→ Directions for this task
Copy the first line of the material below and every later line through the line containing "apply/forallP => G;", without any other output.

[Exercise inputs — start]

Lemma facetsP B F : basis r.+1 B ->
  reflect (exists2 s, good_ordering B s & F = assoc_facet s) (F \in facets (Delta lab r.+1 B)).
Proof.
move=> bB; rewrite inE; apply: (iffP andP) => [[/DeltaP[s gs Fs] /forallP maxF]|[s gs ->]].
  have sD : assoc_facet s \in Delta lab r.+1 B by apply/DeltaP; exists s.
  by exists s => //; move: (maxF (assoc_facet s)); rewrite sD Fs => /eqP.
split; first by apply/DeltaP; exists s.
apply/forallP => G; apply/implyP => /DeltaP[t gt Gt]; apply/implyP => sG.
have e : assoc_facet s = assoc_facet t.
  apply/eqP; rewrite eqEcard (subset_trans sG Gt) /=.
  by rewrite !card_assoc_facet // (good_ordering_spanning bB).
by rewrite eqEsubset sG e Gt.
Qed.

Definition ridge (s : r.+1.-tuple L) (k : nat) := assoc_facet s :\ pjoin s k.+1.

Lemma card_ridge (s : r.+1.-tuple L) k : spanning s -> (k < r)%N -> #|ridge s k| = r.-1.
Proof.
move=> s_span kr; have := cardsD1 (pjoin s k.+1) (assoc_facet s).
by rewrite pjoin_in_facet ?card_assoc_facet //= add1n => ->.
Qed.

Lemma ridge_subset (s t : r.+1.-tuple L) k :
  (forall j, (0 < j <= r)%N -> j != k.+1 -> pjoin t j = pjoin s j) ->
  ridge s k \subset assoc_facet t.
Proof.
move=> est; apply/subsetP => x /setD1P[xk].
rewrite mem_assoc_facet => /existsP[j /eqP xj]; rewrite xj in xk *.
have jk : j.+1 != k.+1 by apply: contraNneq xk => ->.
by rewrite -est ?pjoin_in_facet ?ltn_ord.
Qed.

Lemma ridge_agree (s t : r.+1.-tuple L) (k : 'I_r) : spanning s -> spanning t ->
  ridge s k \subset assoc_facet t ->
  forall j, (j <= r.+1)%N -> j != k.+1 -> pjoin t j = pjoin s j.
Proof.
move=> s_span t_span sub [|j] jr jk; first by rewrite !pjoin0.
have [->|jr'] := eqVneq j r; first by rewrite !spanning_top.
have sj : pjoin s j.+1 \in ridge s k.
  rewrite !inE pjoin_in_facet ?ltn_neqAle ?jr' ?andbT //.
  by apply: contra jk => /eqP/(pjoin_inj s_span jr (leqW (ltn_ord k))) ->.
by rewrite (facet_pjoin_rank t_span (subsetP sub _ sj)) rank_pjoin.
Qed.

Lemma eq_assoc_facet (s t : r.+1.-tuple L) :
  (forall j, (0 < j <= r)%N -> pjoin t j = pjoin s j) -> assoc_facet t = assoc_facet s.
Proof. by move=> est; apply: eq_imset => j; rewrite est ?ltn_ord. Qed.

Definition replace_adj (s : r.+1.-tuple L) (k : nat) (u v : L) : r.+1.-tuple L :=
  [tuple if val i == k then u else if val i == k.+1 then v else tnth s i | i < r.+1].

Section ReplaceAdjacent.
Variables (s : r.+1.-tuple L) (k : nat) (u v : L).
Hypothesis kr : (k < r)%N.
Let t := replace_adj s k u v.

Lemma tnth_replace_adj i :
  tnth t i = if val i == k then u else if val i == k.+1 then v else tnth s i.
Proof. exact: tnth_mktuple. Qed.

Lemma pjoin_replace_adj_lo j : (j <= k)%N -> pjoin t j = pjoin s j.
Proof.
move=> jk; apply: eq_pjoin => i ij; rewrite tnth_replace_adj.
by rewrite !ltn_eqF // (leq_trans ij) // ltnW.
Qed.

[Exercise inputs — finish]

→ Output below
Lemma facetsP B F : basis r.+1 B ->
  reflect (exists2 s, good_ordering B s & F = assoc_facet s) (F \in facets (Delta lab r.+1 B)).
Proof.
move=> bB; rewrite inE; apply: (iffP andP) => [[/DeltaP[s gs Fs] /forallP maxF]|[s gs ->]].
  have sD : assoc_facet s \in Delta lab r.+1 B by apply/DeltaP; exists s.
  by exists s => //; move: (maxF (assoc_facet s)); rewrite sD Fs => /eqP.
split; first by apply/DeltaP; exists s.
apply/forallP => G; apply/implyP => /DeltaP[t gt Gt]; apply/implyP => sG.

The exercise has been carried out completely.